INFORMATION PROVIDED Start Marker

Lemma dneg_entropy_pareto : dneg_entropy 0 = - (a + 1) * moment_h.
Proof.
have [_ _ Ih _ _] := dg eps0.
have IhL := integ1_h_ln.
rewrite /dneg_entropy (eq_int1 dth_glng_pareto) int1D; [|exact: integ1Z|exact: integ1Z].
by rewrite !int1Z // (int1_dth_g eps0) mulr0 add0r.
Qed.

Lemma d2neg_entropy_pareto : d2neg_entropy = - (a + 1) * moment_h2 + chi2_h.
Proof.
have [_ _ _ Ih2 _] := dg eps0.
have [_ _ _ IA2 _] := dglng eps0.
have Ih2L := integ1_h2_ln.
have Ilin : integ1 (fun x => (ln a + 1) * h2 x + (- (a + 1)) * (h2 x * ln x)).
  by apply: integ1D; apply: integ1Z; [exact: Ih2 | exact: Ih2L].
have IQ : integ1 (fun x => x `^ (a + 1) / a * h x ^+ 2).
  apply: (eq_integ1 _ (integ1B IA2 Ilin)) => x x1.
  by rewrite d2th_glng_pareto //; ring.
rewrite /d2neg_entropy (eq_int1 d2th_glng_pareto) int1D; [|exact: Ilin|exact: IQ].
rewrite int1D; [|exact: integ1Z Ih2|exact: integ1Z Ih2L].
rewrite (int1Z _ Ih2) (int1Z _ Ih2L) int1_d2th_g0 mulr0 add0r.
reflexivity.
Qed.

Lemma is_derive_KLmin t : `|t| < eps -> 0 < log_moment g t ->
  is_derive t 1 (KLmin g) (dKLmin t).
Proof.
move=> te mt.
have [_ _ _ _ [DA _]] := dglng te.
have [_ _ _ _ [Dm _]] := dglnx te.
have DA' : is_derive t 1 (neg_entropy g) (dneg_entropy t) := DA.
have Dm' : is_derive t 1 (log_moment g) (dlog_moment t) := Dm.
have Dl := is_derive1_comp (is_derive1_ln mt) Dm'.
have D := is_deriveD (is_deriveD (is_deriveD DA' Dl) (is_derive_cst (1 : R) t 1)) Dm'.
rewrite /KLmin; apply: (is_derive_eq D); rewrite /dKLmin /=.
by field; rewrite gt_eqF.
Qed.

Lemma dKLmin_pareto : dKLmin 0 = 0.
Proof.
rewrite /dKLmin dneg_entropy_pareto dlog_moment_pareto log_moment_pareto.
by field; rewrite gt_eqF.
Qed.

Lemma is_derive_dKLmin_pareto : is_derive (0 : R) 1 dKLmin (KLcurvature a g).
Proof.
have [_ _ _ _ [Dm Dm1]] := dglnx eps0.
have [_ _ _ _ [_ DA1]] := dglng eps0.
have DA1' : is_derive (0 : R) 1 dneg_entropy d2neg_entropy := DA1.
have Dm1' : is_derive (0 : R) 1 dlog_moment d2log_moment := Dm1.
have Dm' : is_derive (0 : R) 1 (log_moment g) (dlog_moment 0) := Dm.
have m0 : log_moment g 0 != 0 by rewrite log_moment_pareto invr_eq0 gt_eqF.
have D := is_deriveD (is_deriveD DA1' (is_deriveM Dm1' (is_deriveV m0 Dm'))) Dm1'.
rewrite /dKLmin; apply: (is_derive_eq D); rewrite /KLcurvature.
have -> : int1 (fun x => a * dth g x 0 * ln x) = a * moment_h.
  by rewrite -int1Z //; apply: eq_int1 => x _; rewrite mulrA.
rewrite d2neg_entropy_pareto d2log_moment_pareto dlog_moment_pareto log_moment_pareto.
rewrite /GRing.scale /= -/chi2_h.
by field; rewrite gt_eqF.
Qed.

Lemma log_moment_gt0 : exists2 r, 0 < r & forall t, `|t| < r -> 0 < log_moment g t.
Proof.
have [_ _ _ _ [Dm _]] := dglnx eps0.
have cm : log_moment g x @[x --> 0] --> log_moment g 0.
  apply: differentiable_continuous; apply/derivable1_diffP.
  exact: (@ex_derive _ _ _ _ _ _ _ Dm).
have m0 : 0 < log_moment g 0 by rewrite log_moment_pareto invr_gt0.
move: cm => /cvgr_gt /(_ 0 m0) /nbhs_normP [r /= r0 Hr].
by exists r => // t tr; apply: Hr; rewrite /= sub0r normrN.
Qed.

Lemma KLmin_taylor2 e : 0 < e -> exists2 d, 0 < d & forall t, `|t| < d ->
  `|2 * KLmin g t - t ^+ 2 * KLcurvature a g| <= e * t ^+ 2.
Proof.
move=> e0; have [r r0 m_gt0] := log_moment_gt0.
have r'0 : 0 < Num.min eps r by rewrite lt_min eps_gt0 r0.
apply: (taylor2_le r'0 _ KLmin_pareto dKLmin_pareto is_derive_dKLmin_pareto e0) => t.
by rewrite lt_min => /andP[te tr]; exact: is_derive_KLmin te (m_gt0 t tr).
Qed.

End ClassGExpansion.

INFORMATION PROVIDED End Marker

Would you please reproduce all of the lines above exactly?

Lemma dneg_entropy_pareto : dneg_entropy 0 = - (a + 1) * moment_h.
Proof.
have [_ _ Ih _ _] := dg eps0.
have IhL := integ1_h_ln.
rewrite /dneg_entropy (eq_int1 dth_glng_pareto) int1D; [|exact: integ1Z|exact: integ1Z].
by rewrite !int1Z // (int1_dth_g eps0) mulr0 add0r.
Qed.

Lemma d2neg_entropy_pareto : d2neg_entropy = - (a + 1) * moment_h2 + chi2_h.
Proof.
have [_ _ _ Ih2 _] := dg eps0.
have [_ _ _ IA2 _] := dglng eps0.
have Ih2L := integ1_h2_ln.
have Ilin : integ1 (fun x => (ln a + 1) * h2 x + (- (a + 1)) * (h2 x * ln x)).
  by apply: integ1D; apply: integ1Z; [exact: Ih2 | exact: Ih2L].
have IQ : integ1 (fun x => x `^ (a + 1) / a * h x ^+ 2).
  apply: (eq_integ1 _ (integ1B IA2 Ilin)) => x x1.
  by rewrite d2th_glng_pareto //; ring.
rewrite /d2neg_entropy (eq_int1 d2th_glng_pareto) int1D; [|exact: Ilin|exact: IQ].
rewrite int1D; [|exact: integ1Z Ih2|exact: integ1Z Ih2L].
rewrite (int1Z _ Ih2) (int1Z _ Ih2L) int1_d2th_g0 mulr0 add0r.
reflexivity.
Qed.

Lemma is_derive_KLmin t : `|t| < eps -> 0 < log_moment g t ->
  is_derive t 1 (KLmin g) (dKLmin t).
Proof.
move=> te mt.
have [_ _ _ _ [DA _]] := dglng te.
have [_ _ _ _ [Dm _]] := dglnx te.
have DA' : is_derive t 1 (neg_entropy g) (dneg_entropy t) := DA.
have Dm' : is_derive t 1 (log_moment g) (dlog_moment t) := Dm.
have Dl := is_derive1_comp (is_derive1_ln mt) Dm'.
have D := is_deriveD (is_deriveD (is_deriveD DA' Dl) (is_derive_cst (1 : R) t 1)) Dm'.
rewrite /KLmin; apply: (is_derive_eq D); rewrite /dKLmin /=.
by field; rewrite gt_eqF.
Qed.

Lemma dKLmin_pareto : dKLmin 0 = 0.
Proof.
rewrite /dKLmin dneg_entropy_pareto dlog_moment_pareto log_moment_pareto.
by field; rewrite gt_eqF.
Qed.

Lemma is_derive_dKLmin_pareto : is_derive (0 : R) 1 dKLmin (KLcurvature a g).
Proof.
have [_ _ _ _ [Dm Dm1]] := dglnx eps0.
have [_ _ _ _ [_ DA1]] := dglng eps0.
have DA1' : is_derive (0 : R) 1 dneg_entropy d2neg_entropy := DA1.
have Dm1' : is_derive (0 : R) 1 dlog_moment d2log_moment := Dm1.
have Dm' : is_derive (0 : R) 1 (log_moment g) (dlog_moment 0) := Dm.
have m0 : log_moment g 0 != 0 by rewrite log_moment_pareto invr_eq0 gt_eqF.
have D := is_deriveD (is_deriveD DA1' (is_deriveM Dm1' (is_deriveV m0 Dm'))) Dm1'.
rewrite /dKLmin; apply: (is_derive_eq D); rewrite /KLcurvature.
have -> : int1 (fun x => a * dth g x 0 * ln x) = a * moment_h.
  by rewrite -int1Z //; apply: eq_int1 => x _; rewrite mulrA.
rewrite d2neg_entropy_pareto d2log_moment_pareto dlog_moment_pareto log_moment_pareto.
rewrite /GRing.scale /= -/chi2_h.
by field; rewrite gt_eqF.
Qed.

Lemma log_moment_gt0 : exists2 r, 0 < r & forall t, `|t| < r -> 0 < log_moment g t.
Proof.
have [_ _ _ _ [Dm _]] := dglnx eps0.
have cm : log_moment g x @[x --> 0] --> log_moment g 0.
  apply: differentiable_continuous; apply/derivable1_diffP.
  exact: (@ex_derive _ _ _ _ _ _ _ Dm).
have m0 : 0 < log_moment g 0 by rewrite log_moment_pareto invr_gt0.
move: cm => /cvgr_gt /(_ 0 m0) /nbhs_normP [r /= r0 Hr].
by exists r => // t tr; apply: Hr; rewrite /= sub0r normrN.
Qed.

Lemma KLmin_taylor2 e : 0 < e -> exists2 d, 0 < d & forall t, `|t| < d ->
  `|2 * KLmin g t - t ^+ 2 * KLcurvature a g| <= e * t ^+ 2.
Proof.
move=> e0; have [r r0 m_gt0] := log_moment_gt0.
have r'0 : 0 < Num.min eps r by rewrite lt_min eps_gt0 r0.
apply: (taylor2_le r'0 _ KLmin_pareto dKLmin_pareto is_derive_dKLmin_pareto e0) => t.
by rewrite lt_min => /andP[te tr]; exact: is_derive_KLmin te (m_gt0 t tr).
Qed.

End ClassGExpansion.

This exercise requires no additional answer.